### WORK TO COMPLETE
I need the number of lines in the data that include "negP"; reply with that number alone.

### MATERIAL FOR THIS TASK
○ ○ ○ ○ ○
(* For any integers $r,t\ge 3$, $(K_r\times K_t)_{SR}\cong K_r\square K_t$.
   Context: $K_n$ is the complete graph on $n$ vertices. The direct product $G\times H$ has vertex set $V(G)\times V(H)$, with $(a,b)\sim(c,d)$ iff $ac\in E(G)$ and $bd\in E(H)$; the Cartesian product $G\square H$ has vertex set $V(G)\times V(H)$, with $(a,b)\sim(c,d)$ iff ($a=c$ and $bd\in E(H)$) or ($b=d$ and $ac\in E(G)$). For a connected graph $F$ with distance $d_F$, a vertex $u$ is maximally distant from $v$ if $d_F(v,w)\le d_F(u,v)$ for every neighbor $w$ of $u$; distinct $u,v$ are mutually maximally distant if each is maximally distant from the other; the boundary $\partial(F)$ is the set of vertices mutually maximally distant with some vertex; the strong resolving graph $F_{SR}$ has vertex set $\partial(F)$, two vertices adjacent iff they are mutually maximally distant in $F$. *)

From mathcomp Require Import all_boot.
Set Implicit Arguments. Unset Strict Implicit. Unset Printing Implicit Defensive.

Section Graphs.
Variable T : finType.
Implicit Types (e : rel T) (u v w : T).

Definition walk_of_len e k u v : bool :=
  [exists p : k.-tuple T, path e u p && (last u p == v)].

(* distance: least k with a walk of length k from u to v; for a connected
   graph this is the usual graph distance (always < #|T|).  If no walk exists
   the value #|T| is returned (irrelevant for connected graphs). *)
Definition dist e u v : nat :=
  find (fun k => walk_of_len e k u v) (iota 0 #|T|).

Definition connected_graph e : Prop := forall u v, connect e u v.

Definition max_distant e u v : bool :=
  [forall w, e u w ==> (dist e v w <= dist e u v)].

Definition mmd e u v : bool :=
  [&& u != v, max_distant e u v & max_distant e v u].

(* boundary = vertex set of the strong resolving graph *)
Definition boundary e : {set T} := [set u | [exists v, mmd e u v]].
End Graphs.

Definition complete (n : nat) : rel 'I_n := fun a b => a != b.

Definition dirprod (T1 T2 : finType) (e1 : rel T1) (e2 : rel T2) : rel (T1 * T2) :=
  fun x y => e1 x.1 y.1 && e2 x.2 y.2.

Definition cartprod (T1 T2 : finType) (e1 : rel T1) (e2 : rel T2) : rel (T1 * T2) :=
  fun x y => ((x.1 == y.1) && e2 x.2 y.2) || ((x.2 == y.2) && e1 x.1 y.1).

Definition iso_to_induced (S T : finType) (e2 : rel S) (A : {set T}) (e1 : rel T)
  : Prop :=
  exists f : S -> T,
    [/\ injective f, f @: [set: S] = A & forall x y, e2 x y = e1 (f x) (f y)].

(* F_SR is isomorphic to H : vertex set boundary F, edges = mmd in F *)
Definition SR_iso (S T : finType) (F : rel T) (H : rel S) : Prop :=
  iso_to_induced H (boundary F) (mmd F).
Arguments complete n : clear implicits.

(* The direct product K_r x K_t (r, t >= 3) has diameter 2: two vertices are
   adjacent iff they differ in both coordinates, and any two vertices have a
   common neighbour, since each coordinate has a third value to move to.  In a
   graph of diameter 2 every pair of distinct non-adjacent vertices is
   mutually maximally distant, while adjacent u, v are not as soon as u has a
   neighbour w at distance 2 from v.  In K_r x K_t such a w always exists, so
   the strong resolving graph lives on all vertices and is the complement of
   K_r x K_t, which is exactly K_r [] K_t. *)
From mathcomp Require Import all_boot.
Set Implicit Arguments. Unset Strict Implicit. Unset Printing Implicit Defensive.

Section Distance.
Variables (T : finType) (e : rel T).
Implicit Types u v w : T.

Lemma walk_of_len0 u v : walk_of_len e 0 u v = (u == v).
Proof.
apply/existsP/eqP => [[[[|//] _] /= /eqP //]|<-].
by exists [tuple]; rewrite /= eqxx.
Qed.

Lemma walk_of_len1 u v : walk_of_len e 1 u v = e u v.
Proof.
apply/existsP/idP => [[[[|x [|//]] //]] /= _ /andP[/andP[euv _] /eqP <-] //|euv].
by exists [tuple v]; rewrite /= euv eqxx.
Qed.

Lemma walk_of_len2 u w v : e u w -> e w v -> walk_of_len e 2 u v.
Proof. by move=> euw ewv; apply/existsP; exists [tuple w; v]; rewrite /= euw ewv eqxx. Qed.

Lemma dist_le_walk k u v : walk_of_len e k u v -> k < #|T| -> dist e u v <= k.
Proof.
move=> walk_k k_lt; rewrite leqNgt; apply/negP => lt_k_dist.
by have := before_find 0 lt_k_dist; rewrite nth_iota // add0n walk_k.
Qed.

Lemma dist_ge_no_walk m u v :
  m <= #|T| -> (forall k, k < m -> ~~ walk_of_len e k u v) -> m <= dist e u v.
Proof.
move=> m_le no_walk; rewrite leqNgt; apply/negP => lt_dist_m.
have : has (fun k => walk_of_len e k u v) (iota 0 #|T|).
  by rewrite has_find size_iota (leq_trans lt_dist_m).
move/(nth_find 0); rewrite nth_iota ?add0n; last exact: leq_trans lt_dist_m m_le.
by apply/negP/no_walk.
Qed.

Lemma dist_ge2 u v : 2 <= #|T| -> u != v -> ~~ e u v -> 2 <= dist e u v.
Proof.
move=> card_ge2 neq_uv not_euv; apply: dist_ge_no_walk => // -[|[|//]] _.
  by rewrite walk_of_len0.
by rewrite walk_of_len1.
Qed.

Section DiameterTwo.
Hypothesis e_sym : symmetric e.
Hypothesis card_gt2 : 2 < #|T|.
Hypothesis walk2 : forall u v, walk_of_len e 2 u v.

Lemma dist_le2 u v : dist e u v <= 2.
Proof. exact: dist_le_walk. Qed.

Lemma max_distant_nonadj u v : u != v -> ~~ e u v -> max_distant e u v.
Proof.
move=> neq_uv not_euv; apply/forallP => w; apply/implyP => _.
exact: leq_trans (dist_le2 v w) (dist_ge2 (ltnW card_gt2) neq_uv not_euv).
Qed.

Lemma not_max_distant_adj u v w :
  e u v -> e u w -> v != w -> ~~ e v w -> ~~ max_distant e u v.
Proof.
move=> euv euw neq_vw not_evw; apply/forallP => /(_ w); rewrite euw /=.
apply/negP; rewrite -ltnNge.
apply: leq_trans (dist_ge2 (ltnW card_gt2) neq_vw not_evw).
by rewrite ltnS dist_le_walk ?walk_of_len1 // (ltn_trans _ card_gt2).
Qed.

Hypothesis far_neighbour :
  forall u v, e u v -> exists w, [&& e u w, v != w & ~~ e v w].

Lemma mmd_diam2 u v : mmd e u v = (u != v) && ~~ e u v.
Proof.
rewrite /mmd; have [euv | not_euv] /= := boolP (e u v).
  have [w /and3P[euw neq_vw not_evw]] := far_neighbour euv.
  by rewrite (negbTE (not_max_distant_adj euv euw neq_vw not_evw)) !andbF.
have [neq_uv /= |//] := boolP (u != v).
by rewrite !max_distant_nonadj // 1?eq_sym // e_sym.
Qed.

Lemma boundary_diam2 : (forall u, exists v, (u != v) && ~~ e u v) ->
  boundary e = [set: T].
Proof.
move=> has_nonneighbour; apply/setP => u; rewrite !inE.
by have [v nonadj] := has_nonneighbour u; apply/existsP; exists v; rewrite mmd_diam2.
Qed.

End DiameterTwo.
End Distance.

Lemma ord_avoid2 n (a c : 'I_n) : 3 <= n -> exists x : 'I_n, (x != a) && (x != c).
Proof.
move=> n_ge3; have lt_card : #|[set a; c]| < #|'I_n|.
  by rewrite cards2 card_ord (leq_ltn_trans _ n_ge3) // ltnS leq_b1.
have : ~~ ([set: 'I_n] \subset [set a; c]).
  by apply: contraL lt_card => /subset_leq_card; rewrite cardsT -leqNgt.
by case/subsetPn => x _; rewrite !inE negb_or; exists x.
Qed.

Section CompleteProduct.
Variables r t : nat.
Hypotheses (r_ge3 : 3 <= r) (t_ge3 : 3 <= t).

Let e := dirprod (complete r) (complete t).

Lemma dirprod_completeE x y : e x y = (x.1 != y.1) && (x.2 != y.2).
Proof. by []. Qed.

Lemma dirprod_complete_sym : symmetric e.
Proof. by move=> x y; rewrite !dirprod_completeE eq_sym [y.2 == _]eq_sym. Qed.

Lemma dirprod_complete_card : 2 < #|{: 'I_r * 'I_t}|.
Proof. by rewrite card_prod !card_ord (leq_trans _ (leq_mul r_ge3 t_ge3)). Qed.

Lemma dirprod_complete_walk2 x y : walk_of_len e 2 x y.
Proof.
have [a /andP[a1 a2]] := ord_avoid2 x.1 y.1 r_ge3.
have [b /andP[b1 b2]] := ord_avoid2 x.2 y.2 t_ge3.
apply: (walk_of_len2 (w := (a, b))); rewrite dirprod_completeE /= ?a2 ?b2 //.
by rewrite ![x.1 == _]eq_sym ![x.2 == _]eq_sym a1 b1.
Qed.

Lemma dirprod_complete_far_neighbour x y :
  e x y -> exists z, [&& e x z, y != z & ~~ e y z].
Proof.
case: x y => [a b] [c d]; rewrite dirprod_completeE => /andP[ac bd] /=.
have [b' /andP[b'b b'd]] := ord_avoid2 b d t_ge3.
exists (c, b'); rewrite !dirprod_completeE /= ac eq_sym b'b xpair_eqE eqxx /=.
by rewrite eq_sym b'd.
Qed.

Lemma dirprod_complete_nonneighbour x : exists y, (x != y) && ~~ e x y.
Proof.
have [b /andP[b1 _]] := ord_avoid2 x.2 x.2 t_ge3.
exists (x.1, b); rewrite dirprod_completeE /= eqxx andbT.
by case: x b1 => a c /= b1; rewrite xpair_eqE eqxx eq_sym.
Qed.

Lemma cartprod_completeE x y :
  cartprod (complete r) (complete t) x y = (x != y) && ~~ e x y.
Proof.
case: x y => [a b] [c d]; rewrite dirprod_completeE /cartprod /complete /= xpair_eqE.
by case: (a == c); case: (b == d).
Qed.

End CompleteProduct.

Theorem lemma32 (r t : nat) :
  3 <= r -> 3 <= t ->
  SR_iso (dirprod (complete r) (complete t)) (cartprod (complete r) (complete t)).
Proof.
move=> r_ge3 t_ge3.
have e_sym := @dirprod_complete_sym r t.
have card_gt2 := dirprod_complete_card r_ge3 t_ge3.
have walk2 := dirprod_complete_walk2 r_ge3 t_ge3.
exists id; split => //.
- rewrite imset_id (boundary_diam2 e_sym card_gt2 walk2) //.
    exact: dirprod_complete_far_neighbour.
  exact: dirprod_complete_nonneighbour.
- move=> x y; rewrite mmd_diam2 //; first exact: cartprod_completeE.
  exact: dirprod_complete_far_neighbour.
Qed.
○ ○ ○ ○ ○
### RESULT OF THIS EXERCISE
4